● Exercise description
The only acceptable output is every entry, printed exactly.

[Data records]

(* Let $K$ be a field, let $\mathcal{H}$ be a complete $s$-uniform $t$-partite hypergraph with $2\leq s\leq t$ on vertex set $\{x_1,\ldots,x_n\}$, $R=K[x_1,\ldots,x_n]$, with sides $V_1,\ldots,V_t$ satisfying $|V_1|\leq|V_2|\leq\cdots\leq|V_t|$. Then: (a) the facets of $\mathrm{Ind}(\mathcal{H})$ are exactly the sets $\bigcup_{j=1}^{s-1}V_{i_j}$ for $1\leq i_1<\cdots<i_{s-1}\leq t$; (b) $\mathrm{Tr}(\mathcal{H})=\{\bigcup_{j=1}^{t-s+1}V_{i_j}: 1\leq i_1<\cdots<i_{t-s+1}\leq t\}$; (c) $i(\mathcal{H})=\sum_{i=t-s+2}^{t}|V_i|$ and $\tau(\mathcal{H})=\sum_{i=1}^{t-s+1}|V_i|$; (d) $\dim(R/I(\mathcal{H}))=\dim(\mathrm{Ind}(\mathcal{H}))+1=\sum_{i=t-s+2}^{t}|V_i|$ and $\mathrm{ht}(I(\mathcal{H}))=\sum_{i=1}^{t-s+1}|V_i|$; (e) if $\mathcal{H}$ is $m$-balanced for some $m\geq 1$, then $\mathrm{ht}(I(\mathcal{H}))=m(t-s+1)$ and $\dim(R/I(\mathcal{H}))=m(s-1)$.
   Context: A complete $s$-uniform $t$-partite hypergraph has vertex set partitioned into nonempty sides $V_1,\ldots,V_t$, and its edges are exactly all $s$-element vertex subsets consisting of one vertex from each of $s$ distinct sides; it is $m$-balanced if $|V_i|=m$ for all $i$. The edge ideal is $I(\mathcal{H})=(\prod_{x\in e}x: e\in\mathcal{H})$. An independent set is a vertex set containing no edge; $\mathrm{Ind}(\mathcal{H})$ is the simplicial complex of independent sets, and $i(\mathcal{H})$ is the maximum size of an independent set. A transversal is a vertex set meeting every edge; $\mathrm{Tr}(\mathcal{H})$ is the set of inclusion-minimal transversals, and $\tau(\mathcal{H})$ is the minimum size of a transversal. *)

From HB Require Import structures.
From mathcomp Require Import all_boot all_order all_algebra.
From mathcomp Require Import mpoly.
Set Implicit Arguments. Unset Strict Implicit. Unset Printing Implicit Defensive.
Import GRing.Theory.

(* Vertices x_1..x_n are 'I_n; the side of each vertex is given by
   side : 'I_n -> 'I_t (sides indexed 0..t-1 instead of 1..t). *)

Section Hyper.
Variables (n t s : nat) (side : 'I_n -> 'I_t).

Definition Vside (i : 'I_t) : {set 'I_n} := [set x | side x == i].

Definition cHyp : {set {set 'I_n}} :=
  [set e : {set 'I_n} | (#|e| == s) && [forall x in e, forall y in e, (side x == side y) ==> (x == y)]].

Definition union_sides (S : {set 'I_t}) : {set 'I_n} := [set x | side x \in S].
End Hyper.

Section HypGen.
Variable (n : nat) (H : {set {set 'I_n}}).

Definition independent (A : {set 'I_n}) : bool := [forall e in H, ~~ (e \subset A)].
Definition transversal (T : {set 'I_n}) : bool := [forall e in H, e :&: T != set0].
Lemma smooth_lipschitz0 (F : R -> R) : smooth F ->
  exists2 r : R, 0 < r & exists2 B : R, 0 < B &
    forall a b, 0 <= a -> a < b -> b < r -> `|F b - F a| <= B * (b - a).
Proof.
move=> F_smooth; have F_der t : derivable F t 1 := F_smooth 0%N t.
have F'_cont : {for 0, continuous (derive1 F)}.
  by apply/differentiable_continuous/derivable1_diffP; exact: (F_smooth 1%N).
have /(_ _ 1 ltr01) := (cvgrPdist_lt _ _).1 F'_cont => /nbhs_ballP [r r_gt0 F'_near].
exists r => //; exists (`|derive1 F 0| + 1) => [|a b a_ge0 ab br].
  by rewrite ltr_pwDr.
have F'_ab t : t \in `]a, b[ -> is_derive t 1 F (derive1 F t).
  by move=> _; rewrite derive1E; apply: derivableP.
have F_cont : {within `[a, b], continuous F}.
  by apply: continuous_subspaceT => t; apply/differentiable_continuous/derivable1_diffP.
have [xi] := @MVT _ F (derive1 F) a b ab F'_ab F_cont.
rewrite in_itv /= => /andP[axi xib] ->.
have ba_gt0 : 0 < b - a by rewrite subr_gt0.
rewrite normrM (gtr0_norm ba_gt0) ler_pM2r //.
have : `|derive1 F 0 - derive1 F xi| < 1.
  apply: F'_near; rewrite /ball /= sub0r normrN.
  by rewrite gtr0_norm ?(le_lt_trans a_ge0) // (lt_trans xib).
have := ler_normB (derive1 F 0) (derive1 F 0 - derive1 F xi).
by rewrite opprB addrC subrK; lra.
Qed.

● Answer to the problem
(* Let $K$ be a field, let $\mathcal{H}$ be a complete $s$-uniform $t$-partite hypergraph with $2\leq s\leq t$ on vertex set $\{x_1,\ldots,x_n\}$, $R=K[x_1,\ldots,x_n]$, with sides $V_1,\ldots,V_t$ satisfying $|V_1|\leq|V_2|\leq\cdots\leq|V_t|$. Then: (a) the facets of $\mathrm{Ind}(\mathcal{H})$ are exactly the sets $\bigcup_{j=1}^{s-1}V_{i_j}$ for $1\leq i_1<\cdots<i_{s-1}\leq t$; (b) $\mathrm{Tr}(\mathcal{H})=\{\bigcup_{j=1}^{t-s+1}V_{i_j}: 1\leq i_1<\cdots<i_{t-s+1}\leq t\}$; (c) $i(\mathcal{H})=\sum_{i=t-s+2}^{t}|V_i|$ and $\tau(\mathcal{H})=\sum_{i=1}^{t-s+1}|V_i|$; (d) $\dim(R/I(\mathcal{H}))=\dim(\mathrm{Ind}(\mathcal{H}))+1=\sum_{i=t-s+2}^{t}|V_i|$ and $\mathrm{ht}(I(\mathcal{H}))=\sum_{i=1}^{t-s+1}|V_i|$; (e) if $\mathcal{H}$ is $m$-balanced for some $m\geq 1$, then $\mathrm{ht}(I(\mathcal{H}))=m(t-s+1)$ and $\dim(R/I(\mathcal{H}))=m(s-1)$.
   Context: A complete $s$-uniform $t$-partite hypergraph has vertex set partitioned into nonempty sides $V_1,\ldots,V_t$, and its edges are exactly all $s$-element vertex subsets consisting of one vertex from each of $s$ distinct sides; it is $m$-balanced if $|V_i|=m$ for all $i$. The edge ideal is $I(\mathcal{H})=(\prod_{x\in e}x: e\in\mathcal{H})$. An independent set is a vertex set containing no edge; $\mathrm{Ind}(\mathcal{H})$ is the simplicial complex of independent sets, and $i(\mathcal{H})$ is the maximum size of an independent set. A transversal is a vertex set meeting every edge; $\mathrm{Tr}(\mathcal{H})$ is the set of inclusion-minimal transversals, and $\tau(\mathcal{H})$ is the minimum size of a transversal. *)

From HB Require Import structures.
From mathcomp Require Import all_boot all_order all_algebra.
From mathcomp Require Import mpoly.
Set Implicit Arguments. Unset Strict Implicit. Unset Printing Implicit Defensive.
Import GRing.Theory.

(* Vertices x_1..x_n are 'I_n; the side of each vertex is given by
   side : 'I_n -> 'I_t (sides indexed 0..t-1 instead of 1..t). *)

Section Hyper.
Variables (n t s : nat) (side : 'I_n -> 'I_t).

Definition Vside (i : 'I_t) : {set 'I_n} := [set x | side x == i].

Definition cHyp : {set {set 'I_n}} :=
  [set e : {set 'I_n} | (#|e| == s) && [forall x in e, forall y in e, (side x == side y) ==> (x == y)]].

Definition union_sides (S : {set 'I_t}) : {set 'I_n} := [set x | side x \in S].
End Hyper.

Section HypGen.
Variable (n : nat) (H : {set {set 'I_n}}).

Definition independent (A : {set 'I_n}) : bool := [forall e in H, ~~ (e \subset A)].
Definition transversal (T : {set 'I_n}) : bool := [forall e in H, e :&: T != set0].
Lemma smooth_lipschitz0 (F : R -> R) : smooth F ->
  exists2 r : R, 0 < r & exists2 B : R, 0 < B &
    forall a b, 0 <= a -> a < b -> b < r -> `|F b - F a| <= B * (b - a).
Proof.
move=> F_smooth; have F_der t : derivable F t 1 := F_smooth 0%N t.
have F'_cont : {for 0, continuous (derive1 F)}.
  by apply/differentiable_continuous/derivable1_diffP; exact: (F_smooth 1%N).
have /(_ _ 1 ltr01) := (cvgrPdist_lt _ _).1 F'_cont => /nbhs_ballP [r r_gt0 F'_near].
exists r => //; exists (`|derive1 F 0| + 1) => [|a b a_ge0 ab br].
  by rewrite ltr_pwDr.
have F'_ab t : t \in `]a, b[ -> is_derive t 1 F (derive1 F t).
  by move=> _; rewrite derive1E; apply: derivableP.
have F_cont : {within `[a, b], continuous F}.
  by apply: continuous_subspaceT => t; apply/differentiable_continuous/derivable1_diffP.
have [xi] := @MVT _ F (derive1 F) a b ab F'_ab F_cont.
rewrite in_itv /= => /andP[axi xib] ->.
have ba_gt0 : 0 < b - a by rewrite subr_gt0.
rewrite normrM (gtr0_norm ba_gt0) ler_pM2r //.
have : `|derive1 F 0 - derive1 F xi| < 1.
  apply: F'_near; rewrite /ball /= sub0r normrN.
  by rewrite gtr0_norm ?(le_lt_trans a_ge0) // (lt_trans xib).
have := ler_normB (derive1 F 0) (derive1 F 0 - derive1 F xi).
by rewrite opprB addrC subrK; lra.
Qed.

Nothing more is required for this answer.